A certified registered nurse anesthetist (CRNA), Smith has worked in healthcare for more than a decade, always in intensive care settings. But because the patients he usually treats have pre-scheduled procedures for which they know the cost, he had not been faced with such a horrific example of what it means to not guarantee healthcare to every citizen.

It didn’t help that the patient’s question wasn’t the only alarming collision of money and healthcare at his hospital during the pandemic.

Smith said Covid patients concerned about the cost of healthcare have left the hospital “against medical advice”, a situation known as an AMA. “Not only is that a problem for them in terms of their healthcare outcomes, but they are also going back into the community and possibly increasing spread,” he said.

Smith’s job normally involves preparing people for scheduled surgeries but when Covid-19 cases spiked in New York City in March and April, his job was moved to the intensive care unit and to a team which responded to emergencies in the hospital.
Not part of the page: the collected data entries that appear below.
(* Let $\kappa:=\operatorname{arccosh}(3/2)$, $p$ a positive integer, $\xi:=\kappa+2p\pi i$, and \[ F(z):=\frac1\xi\left(\mathcal{L}_2\left(\frac{\xi(1-z)}{2\pi i}-p+1\right)-\mathcal{L}_2\left(\frac{\xi(1+z)}{2\pi i}-p\right)\right)-\kappa z+\frac{4p\pi^2}{\xi}. \] If $-\kappa<\Re(\xi z)<\kappa$ or $0<\Im(\xi z)<2\pi$, then \[ F(z)=\frac1\xi\mathrm{Li}_2\left(e^{-\xi(1+z)}\right)-\frac1\xi\mathrm{Li}_2\left(e^{-\xi(1-z)}\right)+\kappa z-2\pi i. \] Moreover, if $0<\Im(\xi z)<2\pi$, then also \[ F(z)=\frac1\xi\mathrm{Li}_2\left(e^{\xi(1-z)}\right)-\frac1\xi\mathrm{Li}_2\left(e^{\xi(1+z)}\right)-\kappa z+\frac{4p\pi^2}{\xi}. \]
   Context: $\mathcal{L}_2(w):=\mathrm{Li}_2(e^{2\pi iw})$ if $\Im w\ge0$ and $\mathcal{L}_2(w):=\pi^2(2w^2-2w+\frac13)-\mathrm{Li}_2(e^{-2\pi iw})$ if $\Im w<0$, for $w\in\mathbb{C}\setminus((-\infty,0]\cup[1,\infty))$, where $\mathrm{Li}_2(z)=-\int_0^z\frac{\log(1-x)}{x}dx$ is the dilogarithm with branch cut $[1,\infty)$. *)

From Stdlib Require Import Reals.
From Coquelicot Require Import Coquelicot.
Open Scope R_scope.

Definition Carg (w : C) : R :=
  if Rle_dec 0 (Im w) then acos (Re w / Cmod w) else - acos (Re w / Cmod w).

Definition Clog (w : C) : C := (ln (Cmod w), Carg w).

Definition Cexp (w : C) : C :=
  (exp (Re w) * cos (Im w), exp (Re w) * sin (Im w)).

(* Dilogarithm Li2 z = - int_0^z log(1-x)/x dx, integrated along the segment
   [0,z] (x = t z), which lies in the star-shaped domain C \ [1,oo). *)
Definition Li2 (z : C) : C :=
  Copp (RInt (V := C_R_CompleteNormedModule)
          (fun t : R => Cdiv (Clog (Cminus 1 (Cmult (RtoC t) z))) (RtoC t)) 0 1).

Definition calL2 (w : C) : C :=
  if Rle_dec 0 (Im w) then Li2 (Cexp (Cmult (Cmult (RtoC (2 * PI)) Ci) w))
  else Cminus
         (Cmult (RtoC (PI ^ 2))
            (Cplus (Cminus (Cmult 2 (Cmult w w)) (Cmult 2 w)) (RtoC (1 / 3))))
         (Li2 (Cexp (Copp (Cmult (Cmult (RtoC (2 * PI)) Ci) w)))).

(* kappa = arccosh(3/2) = ln(3/2 + sqrt((3/2)^2 - 1)). *)
Definition kappa : R := ln (3 / 2 + sqrt ((3 / 2) ^ 2 - 1)).

Definition xi (p : nat) : C := (kappa, 2 * INR p * PI).

Definition twopii : C := Cmult (RtoC (2 * PI)) Ci.

Definition F (p : nat) (z : C) : C :=
  Cplus
    (Cminus
       (Cmult (Cinv (xi p))
          (Cminus
             (calL2 (Cplus (Cminus (Cdiv (Cmult (xi p) (Cminus 1 z)) twopii)
                                   (RtoC (INR p))) 1))
             (calL2 (Cminus (Cdiv (Cmult (xi p) (Cplus 1 z)) twopii)
                            (RtoC (INR p))))))
       (Cmult (RtoC kappa) z))
    (Cdiv (RtoC (4 * INR p * PI ^ 2)) (xi p)).

(* The arguments w1, w2 of the two calL2 terms of F satisfy e^(2 pi i w1) = e^(xi (1 - z)) and
   e^(2 pi i w2) = e^(xi (1 + z)).  The hypothesis -kappa < Re (xi z) < kappa puts both in the
   lower half-plane and 0 < Im (xi z) < 2 pi puts both in the strip 0 < Re w < 1; in either
   case calL2 can be evaluated by its lower-half-plane formula, because on the strip the two
   branches of calL2 agree.  That agreement is the inversion formula
   Li2 x + Li2 (1/x) = - pi^2/6 - log(-x)^2/2 for x = e^(2 pi i w), and the difference of the
   two quadratic terms is exactly what turns the first expression for F into the second.

   The inversion formula is proved on the real and imaginary parts of the defining integral
   of Li2.  For x = r e^(i th) the r-derivative of (left side - right side) vanishes, which
   reduces it to r = 1; there - Re Li2 (e^(i th)) has th-derivative (pi - th)/2, and its value
   pi^2/12 at th = pi follows by comparing th = pi/2 with th = pi. *)

From Stdlib Require Import Reals Lra Lia.
From Coquelicot Require Import Coquelicot.
Open Scope R_scope.

Lemma Cmod_add_Re_pos (w : C) : Im w <> 0 \/ 0 < Re w -> 0 < Cmod w + Re w.
Proof.
  intros Hw.
  destruct (Req_dec (Im w) 0) as [Him | Him].
  - destruct Hw as [Hw | Hw]; [contradiction |].
    pose proof (Cmod_ge_0 w); lra.
  - assert (Hlt : Rabs (Re w) < Cmod w).
    { rewrite <- (Rabs_right (Cmod w)) by apply Rle_ge, Cmod_ge_0.
      apply Rsqr_lt_abs_0; unfold Rsqr; pose proof (Cmod2_alt w); pose proof (pow2_gt_0 _ Him); simpl in *; lra. }
    pose proof (Rle_abs (- Re w)) as Habs; rewrite Rabs_Ropp in Habs; lra.
Qed.

Lemma Carg_unique (w : C) (al : R) : w <> 0%C -> - PI < al <= PI ->
  Re w = Cmod w * cos al -> Im w = Cmod w * sin al -> Carg w = al.
Proof.
  intros Hw Hal Hre Him.
  assert (Hm : 0 < Cmod w) by (apply Cmod_gt_0; auto).
  assert (Hc : Re w / Cmod w = cos al) by (rewrite Hre; field; lra).
  unfold Carg; rewrite Hc.
  destruct (Rle_dec 0 (Im w)) as [H | H].
  - assert (0 <= al).
    { destruct (Rle_dec 0 al); auto.
      pose proof (sin_lt_0_var al ltac:(lra) ltac:(lra)); nra. }
    apply acos_cos; lra.
  - assert (al < 0).
    { destruct (Rlt_dec al 0); auto.
      pose proof (sin_ge_0 al ltac:(lra) ltac:(lra)); nra. }
    rewrite <- cos_neg, acos_cos; lra.
Qed.
(* Let $m,p\ge1$, matrices in $\mathbb{R}^{m\times p}$ being viewed as $m$-tuples of slices $P^{(1)},\dots,P^{(m)}\in\mathbb{R}^p$ with Frobenius inner product $\langle\cdot,\cdot\rangle$ and Frobenius norm $\|\cdot\|$. Let $f:\mathbb{R}^{m\times p}\to\mathbb{R}$ be differentiable, fix $\theta\in\mathbb{R}^{m\times p}$ with all slices $\theta^{(j)}\ne0$, and let $\xi$ be a random matrix in $\mathbb{R}^{m\times p}$ with $\mathbb{E}[\xi]=0$ (integrable). Set the stochastic gradient $\tilde g=\nabla f(\theta)+\xi$. Assume that almost surely every slice $\tilde g^{(j)}\ne0$ and the angle $\phi^{(j)}$ between $\tilde g^{(j)}$ and $\theta^{(j)}$ satisfies $\sin(\phi^{(j)})\ge\gamma$ for a constant $\gamma>0$, for all $j$. Define slice-wise $\hat\theta^{(j)}=\theta^{(j)}/\|\theta^{(j)}\|$, $v^{(j)}=\tilde g^{(j)}-\langle\tilde g^{(j)},\hat\theta^{(j)}\rangle\hat\theta^{(j)}$, $\hat v^{(j)}=v^{(j)}/\|v^{(j)}\|$. Then $$\mathbb{E}_{\xi}\big[\langle \tilde g,\hat v\rangle\big]\ \ge\ \gamma\,\|\nabla f(\theta)\|.$$
   Context: Stochastic version of the simplified Mano step (no momentum, static Oblique manifold normalization over the $m$ slices), where the update direction $\hat v$ is built from the stochastic gradient $\tilde g$, an unbiased estimator of $\nabla f(\theta)$. *)

From HB Require Import structures.
From mathcomp Require Import all_boot all_order all_algebra.
From mathcomp Require Import all_classical all_reals all_analysis.
Set Implicit Arguments. Unset Strict Implicit. Unset Printing Implicit Defensive.
Import Order.TTheory GRing.Theory Num.Theory.
Import numFieldNormedType.Exports.
Local Open Scope ring_scope.

Definition frob_dot {R : realType} {m p : nat} (A B : 'M[R]_(m, p)) : R :=
  \sum_(i < m) \sum_(j < p) A i j * B i j.
Definition frob_norm {R : realType} {m p : nat} (A : 'M[R]_(m, p)) : R :=
  Num.sqrt (frob_dot A A).

Definition slice {R : realType} {m p : nat} (A : 'M[R]_(m, p)) (j : 'I_m) : 'rV[R]_p :=
  row j A.

Definition angle {R : realType} {p : nat} (u w : 'rV[R]_p) : R :=
  acos (frob_dot u w / (frob_norm u * frob_norm w)).

Definition grad {R : realType} {m p : nat} (f : 'M[R]_(m, p) -> R) (th : 'M[R]_(m, p))
  : 'M[R]_(m, p) := \matrix_(i, j) ('D_(delta_mx i j) f th).

Definition vhat {R : realType} {m p : nat} (g th : 'M[R]_(m, p)) : 'M[R]_(m, p) :=
  \matrix_(j, k)
    (let thh := (frob_norm (slice th j))^-1 *: slice th j in
     let v := slice g j - frob_dot (slice g j) thh *: thh in
     ((frob_norm v)^-1 *: v) 0 k).

From HB Require Import structures.
From mathcomp Require Import all_boot all_order all_algebra.
From mathcomp Require Import all_classical all_reals all_analysis.
From mathcomp Require Import ring lra measurable_realfun.
Import Order.TTheory GRing.Theory Num.Theory.
Import numFieldNormedType.Exports.
Local Open Scope ring_scope.

(* On each slice, <g~, vhat> = |v| = |g~| sin(phi) >= gamma |g~| >= gamma <g~, u>,
   where u is the normalized slice of grad f(theta) (Cauchy-Schwarz).  This lower
   bound is affine in the noise, so its expectation is gamma times the sum of the
   slice norms of grad f(theta), which dominates gamma |grad f(theta)|. *)

(* [normalize 0 = 0], as [0^-1 = 0]. *)
Definition normalize {R : realType} {m p : nat} (A : 'M[R]_(m, p)) : 'M[R]_(m, p) :=
  (frob_norm A)^-1 *: A.

Definition orth_proj {R : realType} {m p : nat} (g u : 'M[R]_(m, p)) : 'M[R]_(m, p) :=
  g - frob_dot g u *: u.

Section FrobeniusGeometry.
Context {R : realType} {m p : nat}.
Implicit Types (a : R) (A B C g u : 'M[R]_(m, p)).

Lemma frob_dotC A B : frob_dot A B = frob_dot B A.
Proof. by apply: eq_bigr => i _; apply: eq_bigr => j _; rewrite mulrC. Qed.

Lemma frob_dotDl A B C : frob_dot (A + B) C = frob_dot A C + frob_dot B C.
Proof.
rewrite /frob_dot -big_split; apply: eq_bigr => i _.
by rewrite -big_split; apply: eq_bigr => j _; rewrite !mxE mulrDl.
Qed.

Lemma frob_dotZl a A B : frob_dot (a *: A) B = a * frob_dot A B.
Proof.
rewrite /frob_dot mulr_sumr; apply: eq_bigr => i _.
by rewrite mulr_sumr; apply: eq_bigr => j _; rewrite !mxE mulrA.
Qed.

Lemma frob_dotBl A B C : frob_dot (A - B) C = frob_dot A C - frob_dot B C.
Proof. by rewrite -scaleN1r frob_dotDl frob_dotZl mulN1r. Qed.

Lemma frob_dotZr a A B : frob_dot A (a *: B) = a * frob_dot A B.
Proof. by rewrite frob_dotC frob_dotZl frob_dotC. Qed.

Lemma frob_dotBr A B C : frob_dot A (B - C) = frob_dot A B - frob_dot A C.
Proof. by rewrite frob_dotC frob_dotBl !(frob_dotC A). Qed.

Lemma frob_dot0r A : frob_dot A 0 = 0.
Proof. by rewrite -(scale0r 0) frob_dotZr mul0r. Qed.

Lemma frob_dotxx_ge0 A : 0 <= frob_dot A A.
Proof. by apply: sumr_ge0 => i _; apply: sumr_ge0 => j _; exact: sqr_ge0. Qed.

Lemma frob_dotxx_eq0 A : (frob_dot A A == 0) = (A == 0).
Proof.
apply/eqP/eqP => [AA0|->]; last by rewrite frob_dot0r.
have row0 := psumr_eq0P (fun i _ => sumr_ge0 _ (fun j _ => sqr_ge0 (A i j))) AA0.
apply/matrixP => i j; rewrite mxE; apply/eqP; rewrite -sqrf_eq0.
by rewrite (psumr_eq0P (fun j _ => sqr_ge0 (A i j)) (row0 i isT)).
Qed.

Lemma frob_norm_ge0 A : 0 <= frob_norm A.
Proof. exact: sqrtr_ge0. Qed.

Lemma frob_normE A : frob_norm A ^+ 2 = frob_dot A A.
Proof. by rewrite sqr_sqrtr // frob_dotxx_ge0. Qed.

Lemma frob_norm_gt0 A : A != 0 -> 0 < frob_norm A.
Proof.
by rewrite sqrtr_gt0 lt_def frob_dotxx_ge0 frob_dotxx_eq0 andbT.
Qed.

Lemma frob_dot_normalize A : frob_dot A (normalize A) = frob_norm A.
Proof.
rewrite frob_dotZr -frob_normE; have [->|nA0] := eqVneq (frob_norm A) 0.
  by rewrite invr0 mul0r.
by rewrite expr2 mulrA mulVf // mul1r.
Qed.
They would quickly assess patients, then prepare them for intubation to be placed on a ventilator.

His first night on the quick response team involved at least 10 intubations and left no moment for pause. “During the peak it was back to back, sometimes almost simultaneously, so you’re running around,” Smith said.
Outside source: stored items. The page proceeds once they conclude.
(* Fix an arc (v0, x0) and the automorphism s swapping its ends.  In a map of class
   2_{0,1}, the automorphisms realizing the 1-adjacency at the two flags (v0, E0, f) are
   involutions p, q fixing v0 and exchanging the two edges at v0 of the face f; each face
   through E0 is then the orbit of E0 under the rotation p * s, resp. q * s, and the map
   consists of the translates of these two faces.  By arc-regularity the stabilizer of v0
   acts regularly on the four neighbours of v0, so it is {1, p, q, pq}, abelian of order 4
   and generated by involutions: the Klein group.  Conversely, any two of the three involutions a, b, ab of
   a Klein stabilizer build such a map, and the pair is recovered from the faces through
   E0, which gives exactly three maps up to isomorphism. *)

Lemma klein_abelem : 2.-abelem [set: 'Z_2 * 'Z_2].
Proof.
rewrite abelemE //; apply/andP; split.
  by apply/centsP => -[a b] _ [c d] _; congr pair; apply: Zp_addC.
by apply/exponentP => -[[[|[|//]] ?] [[|[|//]] ?]] _; apply/eqP.
Qed.

Lemma card_klein : #|[set: 'Z_2 * 'Z_2]| = 4.
Proof. by rewrite cardsT card_prod card_ord. Qed.

Lemma isog_klein (gT : finGroupType) (K : {group gT}) :
  K \isog [set: 'Z_2 * 'Z_2] <-> #|K| = 4 /\ {in K, forall k, k * k = 1}.
Proof.
split=> [isoK | [cardK sqK]].
  split; first by rewrite (card_isog isoK) card_klein.
  have /abelemP[//|_ sqK] : 2.-abelem K by rewrite (isog_abelem isoK) klein_abelem.
  by move=> k /sqK; rewrite expgS expg1.
have abK : abelian K by apply: (@card_p2group_abelian _ 2); rewrite ?cardK.
have abelK : 2.-abelem K.
  by apply/abelemP => //; split=> // k Kk; rewrite expgS expg1 sqK.
by rewrite (isog_abelem_card _ abelK) klein_abelem card_klein cardK.
Qed.

Section MapAutomorphisms.
Variables (V : finType) (e : rel V).
Implicit Types (g h : {perm V}) (x y : V) (E : {set V}) (f : {set {set V}})
  (F : {set {set {set V}}}) (t u : flagT V).
Local Notation G := (graph_aut e).

Lemma act_edge2 g x y : act_edge g [set x; y] = [set g x; g y].
Proof. by rewrite /act_edge imsetU1 imset_set1. Qed.

Lemma act_edge1 E : act_edge 1 E = E.
Proof. exact: (act1 'P^*). Qed.

Lemma act_edgeM g h E : act_edge (g * h) E = act_edge h (act_edge g E).
Proof. exact: (actM 'P^*). Qed.

Lemma act_edge_inj g : injective (act_edge g).
Proof. exact: (act_inj 'P^*). Qed.

Lemma act_edgeK g : cancel (act_edge g) (act_edge g^-1).
Proof. exact: (actK 'P^*). Qed.

Lemma mem_act_edge g x E : (g x \in act_edge g E) = (x \in E).
Proof. exact/mem_imset/perm_inj. Qed.

Lemma act_face1 f : act_face 1 f = f.
Proof. exact: (act1 'P^*^*). Qed.

Lemma act_faceM g h f : act_face (g * h) f = act_face h (act_face g f).
Proof. exact: (actM 'P^*^*). Qed.

Lemma act_face_inj g : injective (act_face g).
Proof. exact: (act_inj 'P^*^*). Qed.

Lemma act_faceK g : cancel (act_face g) (act_face g^-1).
Proof. exact: (actK 'P^*^*). Qed.

Lemma act_faceKV g : cancel (act_face g^-1) (act_face g).
Proof. exact: (actKV 'P^*^*). Qed.

Lemma mem_act_face g E f : (act_edge g E \in act_face g f) = (E \in f).
Proof. exact/mem_imset/act_edge_inj. Qed.

Lemma graph_autE g x y : g \in G -> e (g x) (g y) = e x y.
Proof. by rewrite inE => /forallP/(_ x)/forallP/(_ y)/eqP. Qed.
Patients were out of breath, exhausted, with vital signs off and desaturating oxygen.

This included the patient who asked about the treatment costs. Smith said the patient showed signs of needing intubation sooner, rather than later, and Smith and his colleague focused on getting them on the phone with their spouse because it was their last moment to speak before being put on a ventilator. “The priority was to have them speak to someone briefly and then perform the clinical duties to help save their life at that moment,” he said.

Smith tucked the question in the back of his mind, unable to answer it or absorb its implications. “I work in a relatively underserved area, so I have some inclination of knowing about the socioeconomic status of my patients, but it was the most real I’ve experienced during this pandemic,” he said.

Smith stabilized the patient but does not know what happened next.

He posted on Facebook about it a few days later, in part to process a shocking moment he had compartmentalized while performing the duties of his job. “It was kind of traumatic and I’d been thinking about it a lot,” Smith said.

His page was fairly private and he only made the post public at the request of friends who wanted to share it with their network. It exploded shortly after.

Ever since, Smith has become more active on social media, sharing articles about the unequal healthcare system in the US.

“I’m not really one to frequently take a public platform, but I felt what it was highlighting was important to have a dialogue about and hopefully compel our legislatures to make some meaningful change going forward,” Smith said.

“Because in my opinion, it shouldn’t be happening in this country, which as we know is one of the richest countries in the world, but we are not allocating funds to where I think they should be.”